In the Ra‘ya Mehemna in Zohar III, 279b, the Mishnah is referred to as the “shifhah…the female of the ‘eved, na‘ar (“lad”). “Na‘ar” or “lad” is yet another epithet for Metatron; see b. Yevamot 16b (based on Psalms 37:25) and Tosafot ad loc. s.v. pasuk zeh sar ha-‘olam amaro. Just as Metatron is referred to as “‘eved,” “for his name is like that of his Master” (b. Sanhedrin 38b). Both Metatron and Shadai have the numerical value of 318. (In Ra‘ya Mehemna in Zohar III, 82b it is spelled out that “Metatron is a good servant, a faithful servant to his Master.”)

In Ra‘ya Mehemna, in Zohar III, 276a, three of the most difficult tractates of the Mishnah are singled out for derision, ‘Eruvin, Niddah and Yevamot, as they are assigned the acronym ‘Ani (poor man).  The Vilna Gaon points out that the derogation of the rabbis, students of the Mishnah, is not absolute, but only relative to the “ba‘alei kabbalah” (“masters of the Kabbalah”). See Yahel ’Or, ed. Naftali Hertz Halevi (Vilna, 1882), Tetse, 276a, s.v. ve-i teima.

Earlier in that passage (Zohar 275b) we have the underhanded compliment, Hakham Mufle Ve-Rav Rabbanan” (“Outstanding Sage and Rabbi of Rabbis”), whose initials spell the word “hamor” (jackass). (This cynical remark found its way into the modern mystery novel by Richard Zimler, The Last Kabbalist of Lisbon [Woodstock, NY: The Overlook Press, 1998], p. 44.)

One who found absolutely outrageous the labeling of the Mishnah as a “shifhah” was the Chief Rabbi of Sana‘a, Yemen, Rabbi Yahya ben Shelomo (Sliman) Kafah (1850-1931). See his ‘Amal u-Re‘ut Ru’ah va-Haramot u-Teshuvatam (Tel-Aviv, 1914; limited facsimile edition Jerusalem 1976), p. 12. Available at hebrewbooks.org.

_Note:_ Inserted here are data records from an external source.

Lemma integral_maxrep_le (q a : R) n k : 0 <= q -> 0 < ln (n%:R : R) ->
  (k.-1)%:R <= a * ln n%:R ->
  (\int[P]_x (((maxrep (blk X 0 n x))%:R / ln n%:R) `^ q)%:E <=
    (a `^ q)%:E + ((n%:R / ln n%:R) `^ q)%:E *
                  P [set x | (k <= maxrep (blk X 0 n x))%N])%E.
Proof.
move=> q0 L0 kL; set E := [set x | _]; set B := (n%:R / ln n%:R) `^ q.
have mE : measurable E by exact: (measurable_blk hX (fun w => (k <= maxrep w)%N)).
have B0 : 0 <= B by exact: powR_ge0.
apply: (@le_trans _ _ (\int[P]_x ((a `^ q)%:E + (B * (\1_E x : R))%:E))%E).
  apply: ge0_le_integral => //.
  - by move=> x _; rewrite lee_fin powR_ge0.
  - move=> _ Y mY; rewrite setTI.
    exact: (measurable_blk hX (fun w => Y ((((maxrep w)%:R / ln n%:R) `^ q)%:E))).
  - by apply: emeasurable_funD => //; apply/measurable_EFinP/measurable_funM => //;
      exact: measurable_indic.
  move=> x _; rewrite -EFinD lee_fin indicE.
  have := maxrep_le_size (blk X 0 n x); rewrite size_blk => mn.
  have -> : (x \in E) = (k <= maxrep (blk X 0 n x))%N by apply/idP/idP; rewrite inE.
  exact: powR_ratio_le_split.
rewrite ge0_integralD //; last 3 first.
- by move=> x _; rewrite lee_fin powR_ge0.
- by move=> x _; rewrite lee_fin mulr_ge0.
- by apply/measurable_EFinP/measurable_funM => //; exact: measurable_indic.
have -> : (\int[P]_x (a `^ q)%:E = (a `^ q)%:E)%E.
  by rewrite integral_cst // -[RHS]mule1; congr (_ * _)%E; exact: probability_setT.
rewrite leeD2l //.
rewrite (eq_integral (fun x => (B%:E * (\1_E x)%:E)%E)); last first.
  by move=> x _; rewrite EFinM.
rewrite ge0_integralZl_EFin //; last exact/measurable_EFinP/measurable_indic.
by rewrite integral_indic // setIT.
Qed.

End Moment.

Section Asymptotics.
Context {R : realType}.

Lemma exprn_le_expRN (c b : R) k : 0 < c -> c < 1 -> b / - ln c <= k%:R ->
  c ^+ k <= expR (- b).
Proof.
move=> c0 c1; have lnc : 0 < - ln c by rewrite oppr_gt0 ln_lt0 // c0 c1.
rewrite ler_pdivrMr // mulrN => bk.
by rewrite -(powR_mulrn _ (ltW c0)) /powR gt_eqF // ler_expR; lra.
Qed.

(* With k >= a ln n, the factor c^k = O(n^-(q+3)) absorbs the (n+1)^2 pairs
   of positions and the growth (n / ln n)^q. *)
Lemma tail_term_le (q c K : R) (n k : nat) :
  0 < q -> 0 < c -> c < 1 -> 0 <= K -> (2 <= n)%N ->
  (q + 3) / - ln c * ln n%:R <= k%:R ->
  (n%:R / ln n%:R) `^ q * ((K * c ^+ k) *+ (n.+1 * n.+1)) <= 4 * K * (ln 2)^-1 `^ q.
Proof.
move=> q0 c0 c1 K0 n2 hk; set N : R := n%:R; set L := ln N.
have N0 : 0 < N by rewrite /N ltr0n (leq_trans _ n2).
have l20 : 0 < ln (2 : R) by rewrite ln_gt0 ?ltr1n.
have L2 : ln 2 <= L by rewrite ler_ln ?posrE ?ler_nat.
have NL : expR L = N by rewrite /L lnK ?posrE.
set C := (ln 2)^-1 `^ q; have C0 : 0 <= C by exact: powR_ge0.
have S1 : (N / L) `^ q <= expR (q * L) * C.
  apply: (@le_trans _ _ ((N * (ln 2)^-1) `^ q)).
    have L0 : 0 < L by exact: lt_le_trans l20 L2.
    apply: ge0_ler_powR; rewrite ?nnegrE ?divr_ge0 //; try exact: ltW.
    by rewrite ler_pM2l // lef_pV2 ?posrE.
  by rewrite powRM ?invr_ge0 ?(ltW N0) ?(ltW l20) // {1}/powR gt_eqF.
have S2 : c ^+ k <= expR (- ((q + 3) * L)).
  by apply: exprn_le_expRN => //; rewrite mulrAC.
have S3 : (n.+1 * n.+1)%N%:R <= 4 * expR L * expR L :> R.
  have N1 : 1 <= N by rewrite /N ler1n (leq_trans _ n2).
  by rewrite natrM -addn1 natrD -/N NL; nra.
rewrite -mulr_natr; apply: (@le_trans _ _
    ((expR (q * L) * C) * (K * expR (- ((q + 3) * L)) * (4 * expR L * expR L)))).
  apply: ler_pM; rewrite ?powR_ge0 ?mulr_ge0 ?exprn_ge0 ?ler0n ?(ltW c0) //.
  by apply: ler_pM; rewrite ?mulr_ge0 ?exprn_ge0 ?ler0n ?(ltW c0) // ler_wpM2l.
have -> : expR (q * L) * C * (K * expR (- ((q + 3) * L)) * (4 * expR L * expR L))
    = 4 * K * C * expR (- L).
  have eL : expR (q * L) * expR (- ((q + 3) * L)) * expR L * expR L = expR (- L).
    by rewrite -!expRD; congr expR; ring.
  by rewrite -eL; ring.
rewrite ler_piMr ?mulr_ge0 // expR_le1; lra.
Qed.

End Asymptotics.

Theorem lemma2 (d : measure_display) (T : measurableType d) (R : realType)
  (P : probability T R) (A : countType) (X : int -> T -> A) :
  process X -> stationary P X -> finite_energy P X ->
  forall q : R, 0 < q ->
  exists M : R, forall n : nat, (2 <= n)%N ->
    (\int[P]_x (((maxrep (blk X 0 n x))%:R / ln (n%:R)) `^ q)%:E <= M%:E)%E.
Proof.
move=> hX hS hFE q q0.
have [c [K [c0 c1 K0 hE]]] := finite_energy_bounded hX hFE.
have /set0P[x0 _] : [set: T] != set0.
  apply/eqP => T0; have := probability_setT P.
  by rewrite T0 measure0 => /eqP; rewrite eq_sym onee_eq0.
set a := (q + 3) / - ln c.
have lnc : ln c < 0 by rewrite ln_lt0 // c0 c1.
have a0 : 0 <= a by rewrite divr_ge0 //; lra.
exists (a `^ q + 4 * K * (ln 2)^-1 `^ q) => n n2.
have L0 : 0 < ln (n%:R : R) by rewrite ln_gt0 // ltr1n.
pose k := (Num.truncn (a * ln n%:R)).+1.
have /andP[kL /ltW Lk] := truncn_itv (mulr_ge0 a0 (ltW L0)).
apply: le_trans (integral_maxrep_le (k := k) P hX (ltW q0) L0 kL) _.
rewrite EFinD leeD2l //.
have tail := maxrep_tail_le (k := k) hX hS (ltW c0) K0 hE (X 0 x0) n (ltn0Sn _).
apply: le_trans (lee_wpmul2l _ tail) _; first by rewrite lee_fin powR_ge0.
by rewrite -EFinM lee_fin tail_term_le.
Qed.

‘Amal u-Re‘ut Ru’ah va-Haramot u-Teshuvatam is Rabbi Kafah’s rejoinder to the bans placed upon him by the various batei din (courts) of Jerusalem—Ashkenazic, Hasidic and Sefardic. It struck Rabbi Kafah as highly ironic that he, a staunch defender of Talmudic Judaism, was placed under the ban, while the Zohar, with its numerous derisions of Talmud and its students, was upheld and, what is more, sanctified. Ibid. p. 14.

The constraints of space do not allow us to explore the controversy regarding the Zohar that erupted in Yemen in the early part of the twentieth century between Rabbi Kafah and his disciples, the self-styled Darda‘im, on the one hand, and their opponents, to whom they referred as ‘Ikeshim. (The first label is based on the Midrashic pun on Darda‘ [1Kings 5:11] as Dor De‘ah, “a generation of knowledge”; the second comes from Deuteronomy 32:5, “dor ‘ikesh u-petaltol,” “a perverse and twisted generation.”) At the instigation of his critics, Rabbi Kafah was jailed on more than one occasion by the Muslim authorities. (Rabbi Kafah alludes to this in ‘Amal u-Re‘ut Ru’ah va-Haramot u-Teshuvatam, p. 14.)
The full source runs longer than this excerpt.